Exercise requirements
Go through the records below and copy out every line that contains the word "Scope".

[[ Supplied records, beginning ]]

(* There is a constant $C_2>0$, depending only on $p$, such that for every sequence $(\mathcal K_\ell)_{\ell\in\mathbb N_0}$ as below, every $L\in\mathbb N_0$, every choice of nodes $\widetilde z_{\ell,i}$ as below, every $m\in\mathbb N_0$ and every $z\in\mathcal N_L$, the set $$\mathcal Z_m(z):=\{(\ell,i):\ell\in\{0,\dots,L\},\ i\in\widetilde{\mathcal I}_\ell,\ {\rm level}_\ell(\widetilde z_{\ell,i})=m,\ z=\widetilde z_{\ell,i}\}$$ satisfies $|\mathcal Z_m(z)|\le C_2$.
   Context: Geometry: $\Omega\subset\mathbb R^2$ is a bounded simply connected Lipschitz domain with piecewise smooth boundary, $\Gamma\subseteq\partial\Omega$ is connected with Lipschitz relative boundary. Either $\Gamma=\partial\Omega$ (closed case), parametrized by a continuous, piecewise continuously differentiable $\gamma:[a,b]\to\Gamma$ with $\gamma(a)=\gamma(b)$ and $\gamma|_{[a,b)}$ bijective, or $\Gamma\subsetneq\partial\Omega$ (open case), parametrized by a bijective continuous piecewise $C^1$ map $\gamma:[a,b]\to\Gamma$; the one-sided derivatives satisfy $\gamma^{\prime_\ell}(t)\neq0$ for $t\in(a,b]$, $\gamma^{\prime_r}(t)\ne0$ for $t\in[a,b)$, and $\gamma^{\prime_\ell}(t)+c\gamma^{\prime_r}(t)\ne0$ for all $c>0$ (for $t\in[a,b]$ in the closed, $t\in(a,b)$ in the open case). Write $\gamma^{-1}:=(\gamma|_{[a,b)})^{-1}$. Set $o=0$ in the closed and $o=1$ in the open case. Fix $p\in\mathbb N$. Knot vectors: a knot vector $\mathcal K_\bullet$ consists of parameter nodes $a=\hat z_0<\dots<\hat z_n=b$ such that $\gamma$ is $C^1$ on each $[\hat z_{j-1},\hat z_j]$, with multiplicities $\#_\bullet\in\{1,\dots,p\}$ at interior nodes and $p+1$ at $\hat z_0,\hat z_n$; nodes $\mathcal N_\bullet=\{\gamma(\hat z_j)\}$ (multiplicities transferred), $N_\bullet=\sum_{j=1}^n\#_\bullet\hat z_j$; the mesh $\mathcal T_\bullet$ consists of the elements $\gamma([\hat z_{j-1},\hat z_j])$; $\hat\kappa_\bullet=\max\{|\gamma^{-1}(T)|/|\gamma^{-1}(T')|:T,T'\in\mathcal T_\bullet,T\cap T'\ne\emptyset\}$. The parameter knots list $\hat z_1,\dots,\hat z_n$ (closed, indices $1,\dots,N_\bullet$) resp. $\hat z_0,\dots,\hat z_n$ (open, indices $-p,\dots,N_\bullet$) increasingly with multiplicity, extended to a nondecreasing $(t_{\bullet,i})_{i\in\mathbb Z}$ with $t_{\bullet,-p}=\dots=t_{\bullet,0}=a$, $t_{\bullet,i}\to\pm\infty$, identically outside $(a,b]$ for all knot vectors. A fixed initial knot vector $\mathcal K_0$ (mesh $\mathcal T_0$) and $\hat\kappa_{\max}\ge1$ are given; $\mathbb K$ is the set of knot vectors with $\hat\kappa_\bullet\le\hat\kappa_{\max}$ obtained from $\mathcal K_0$ by dyadic bisections in the parameter domain and multiplicity increases. $\mathcal K_\circ\in\mathrm{refine}(\mathcal K_\bullet)$ means $\mathcal N_\bullet\subseteq\mathcal N_\circ$, $\#_\bullet z\le\#_\circ z$ for $z\in\mathcal N_\bullet$, and every $T\in\mathcal T_\circ$ lies in some $T'\in\mathcal T_\bullet$ with $|\gamma^{-1}(T')|=2^j|\gamma^{-1}(T)|$, $j\in\mathbb N_0$. $(\mathcal K_\ell)_{\ell\in\mathbb N_0}$ is a sequence in $\mathbb K$ starting with $\mathcal K_0$ and with $\mathcal K_{\ell+1}\in\mathrm{refine}(\mathcal K_\ell)$. B-splines: $\hat B_{\bullet,i,0}=\chi_{[t_{\bullet,i-1},t_{\bullet,i})}$, $\hat B_{\bullet,i,q}=\beta_{\bullet,i-1,q}\hat B_{\bullet,i,q-1}+(1-\beta_{\bullet,i,q})\hat B_{\bullet,i+1,q-1}$, $\beta_{\bullet,i,q}(t)=(t-t_{\bullet,i})/(t_{\bullet,i+q}-t_{\bullet,i})$ if $t_{\bullet,i}\neq t_{\bullet,i+q}$, else $0$. Weights/NURBS: initial weights $w_{0,i}>0$ ($i=1-p,\dots,N_0-p$, $w_{0,1-p}=w_{0,N_0-p}$), $\hat w=\sum_kw_{0,k}\hat B_{0,k,p}|_{[a,b]}$; for $\mathcal K_\bullet$, $w_{\bullet,i}$ are the unique coefficients with $\hat w=\sum_kw_{\bullet,k}\hat B_{\bullet,k,p}$ on $[a,b]$; $R_{\bullet,i,p}=(w_{\bullet,i}\hat B_{\bullet,i,p}/\hat w)\circ\gamma^{-1}$, $\bar R_{\bullet,1-p,p}=R_{\bullet,1-p,p}+R_{\bullet,N_\bullet-p,p}$, $\bar R_{\bullet,i,p}=R_{\bullet,i,p}$ otherwise. Multilevel index sets: $\widetilde{\mathcal N}_{0\setminus-1}=\mathcal N_0$ and, for $\ell\ge1$, $\widetilde{\mathcal N}_{\ell\setminus\ell-1}=(\mathcal N_\ell\setminus\mathcal N_{\ell-1})\cup\{z\in\mathcal N_\ell\cap\mathcal N_{\ell-1}:\#_\ell z>\#_{\ell-1}z\}$; $\widetilde{\mathcal I}_\ell=\{i\in\{1-p+o,\dots,N_\ell-p-1\}:\mathrm{supp}(\bar R_{\ell,i,p})\cap\widetilde{\mathcal N}_{\ell\setminus\ell-1}\neq\emptyset\}$. For all $\ell$ and $i\in\widetilde{\mathcal I}_\ell$ a node $\widetilde z_{\ell,i}\in\widetilde{\mathcal N}_{\ell\setminus\ell-1}\cap\mathrm{supp}(\bar R_{\ell,i,p})$ is fixed. Level: for $T\in\mathcal T_\bullet$ with ancestor $T_0\in\mathcal T_0$ ($T\subseteq T_0$), $\mathrm{gen}(T)=\log_2(|\gamma^{-1}(T_0)|/|\gamma^{-1}(T)|)\in\mathbb N_0$; for $z\in\mathcal N_\bullet$, ${\rm level}_\bullet(z)=\max\{\mathrm{gen}(T):T\in\mathcal T_\bullet,z\in T\}$. *)

From Stdlib Require Import Relations.Relation_Operators.
From HB Require Import structures.
From mathcomp Require Import all_boot all_order all_algebra.
From mathcomp Require Import all_classical all_reals all_analysis.
Set Implicit Arguments. Unset Strict Implicit. Unset Printing Implicit Defensive.
Import Order.TTheory GRing.Theory Num.Theory.
Import numFieldNormedType.Exports.
Local Open Scope classical_set_scope.
Local Open Scope ring_scope.

Section Defs.
Variable R : realType.
Notation V := 'rV[R]_2.

Definition C1_on (f : R -> V) (c d : R) : Prop :=
  exists g : R -> V, {within [set t | c <= t <= d], continuous g} /\
    forall t, c <= t <= d ->
      (fun h => h^-1 *: (f (t + h) - f t))
        @ within [set h | h != 0 /\ c <= t + h <= d] (nbhs (0:R)) --> g t.

Definition left_deriv (f : R -> V) (t : R) (d : V) : Prop :=
  (fun h => h^-1 *: (f (t + h) - f t)) @ (0:R)^'- --> d.
Definition right_deriv (f : R -> V) (t : R) (d : V) : Prop :=
  (fun h => h^-1 *: (f (t + h) - f t)) @ (0:R)^'+ --> d.

Definition curve_ok (closed : bool) (a b : R) (gam : R -> V) : Prop :=
  a < b /\
  {within [set t | a <= t <= b], continuous gam} /\
  (exists (k : nat) (s : nat -> R), s 0%N = a /\ s k = b /\
     (forall j, (j < k)%N -> s j < s j.+1) /\
     (forall j, (j < k)%N -> C1_on gam (s j) (s j.+1))) /\
  (if closed then gam a = gam b /\
      (forall s t, a <= s < b -> a <= t < b -> gam s = gam t -> s = t)
   else (forall s t, a <= s <= b -> a <= t <= b -> gam s = gam t -> s = t)) /\
  (forall t, a < t <= b -> exists2 d, left_deriv gam t d & d != 0) /\
  (forall t, a <= t < b -> exists2 d, right_deriv gam t d & d != 0) /\
  (forall t, a < t < b -> forall dl dr, left_deriv gam t dl ->
       right_deriv gam t dr -> forall c : R, 0 < c -> dl + c *: dr != 0) /\
  (* closed case, t = a or t = b: left derivative at b, right derivative at a *)
  (closed -> forall dl dr, left_deriv gam b dl -> right_deriv gam a dr ->
       forall c : R, 0 < c -> dl + c *: dr != 0).

(* A knot vector is the list [:: (zhat_0, #zhat_0); ...; (zhat_n, #zhat_n)]. *)
Definition kv := seq (R * nat).
Definition kz (K : kv) (j : nat) : R := (nth (0, 0%N) K j).1.
Definition km (K : kv) (j : nat) : nat := (nth (0, 0%N) K j).2.
Definition kn (K : kv) : nat := (size K).-1.
Definition kN (K : kv) : nat := (\sum_(1 <= j < (kn K).+1) km K j)%N.

Definition kv_valid (p : nat) (a b : R) (gam : R -> V) (K : kv) : Prop :=
  (1 < size K)%N /\ kz K 0 = a /\ kz K (kn K) = b /\
  km K 0 = p.+1 /\ km K (kn K) = p.+1 /\
  (forall j, (j < kn K)%N -> kz K j < kz K j.+1) /\
  (forall j, (0 < j < kn K)%N -> (0 < km K j <= p)%N) /\
  (forall j, (0 < j <= kn K)%N -> C1_on gam (kz K j.-1) (kz K j)).

Definition nodes (gam : R -> V) (K : kv) : set V :=
  [set y | exists2 j, (j < size K)%N & gam (kz K j) = y].
Definition nmult (gam : R -> V) (K : kv) (y : V) : nat :=
  (\max_(j < size K | gam (kz K j) == y) km K j)%N.
(* element T_j = gamma([zhat_{j-1}, zhat_j]), 1 <= j <= n *)
Definition elem (gam : R -> V) (K : kv) (j : nat) : set V :=
  gam @` [set t | kz K j.-1 <= t <= kz K j].
Definition len (K : kv) (j : nat) : R := kz K j - kz K j.-1.

Definition kappa_le (gam : R -> V) (K : kv) (kappa : R) : Prop :=
  forall j j', (0 < j <= kn K)%N -> (0 < j' <= kn K)%N ->
    elem gam K j `&` elem gam K j' !=set0 -> len K j <= kappa * len K j'.

Definition bisect (K : kv) (j : nat) : kv :=
  take j K ++ ((kz K j.-1 + kz K j) / 2, 1%N) :: drop j K.
Definition incmult (K : kv) (j : nat) : kv :=
  set_nth (0, 0%N) K j (kz K j, (km K j).+1).
Definition kstep (p : nat) (K K' : kv) : Prop :=
  (exists2 j, (0 < j < size K)%N & K' = bisect K j) \/
  (exists2 j, (0 < j < kn K)%N & (km K j < p)%N /\ K' = incmult K j).

Definition inKK (p : nat) (a b : R) (gam : R -> V) (kappamax : R)
    (K0 K : kv) : Prop :=
  clos_refl_trans kv (kstep p) K0 K /\ kv_valid p a b gam K /\
  kappa_le gam K kappamax.

Definition refines (gam : R -> V) (Kb Kc : kv) : Prop :=
  nodes gam Kb `<=` nodes gam Kc /\
  (forall y, nodes gam Kb y -> (nmult gam Kb y <= nmult gam Kc y)%N) /\
  (forall j, (0 < j <= kn Kc)%N -> exists j', (0 < j' <= kn Kb)%N /\
     elem gam Kc j `<=` elem gam Kb j' /\
     exists g : nat, len Kb j' = 2 ^+ g * len Kc j).

Definition knot_list (K : kv) : seq R :=
  flatten [seq nseq (km K j) (kz K j) | j <- iota 1 (kn K)].

(* t_{-p} = ... = t_0 = a, t_1..t_N the list above; the fixed extension
   t_{-p-1-k} = ext_l k, t_{N+1+k} = ext_r k. *)
Definition knot (p : nat) (a : R) (ext_l ext_r : nat -> R) (K : kv)
    (i : int) : R :=
  if i <= - (p%:Z) - 1 then ext_l (absz (- i - p%:Z - 1)%R)
  else if i <= 0 then a
  else if i <= (kN K)%:Z then nth 0 (knot_list K) (absz i).-1
  else ext_r (absz (i - (kN K)%:Z - 1)%R).

Definition knot_ext_ok (a b : R) (ext_l ext_r : nat -> R) : Prop :=
  ext_l 0%N <= a /\ (forall k, ext_l k.+1 <= ext_l k) /\
  ext_l @ \oo --> -oo /\
  b < ext_r 0%N /\ (forall k, ext_r k <= ext_r k.+1) /\
  ext_r @ \oo --> +oo.

Definition beta (tk : int -> R) (i : int) (q : nat) (x : R) : R :=
  if tk i != tk (i + q%:Z) then (x - tk i) / (tk (i + q%:Z) - tk i) else 0.

Fixpoint bspl (tk : int -> R) (q : nat) (i : int) (x : R) {struct q} : R :=
  match q with
  | 0%N => if (tk (i - 1) <= x) && (x < tk i) then 1 else 0
  | q'.+1 => beta tk (i - 1) q x * bspl tk q' i x
             + (1 - beta tk i q x) * bspl tk q' (i + 1) x
  end.

(* basis index 1-p+k, k = 0..N-1, runs through 1-p..N-p *)
Definition bidx (p k : nat) : int := k%:Z + 1 - p%:Z.

Definition spline (p : nat) (tk : int -> R) (N : nat) (c : int -> R) (x : R) : R :=
  \sum_(k < N) c (bidx p k) * bspl tk p (bidx p k) x.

[[ Supplied records, end ]]

Your solution
Local Open Scope classical_set_scope.
Local Open Scope ring_scope.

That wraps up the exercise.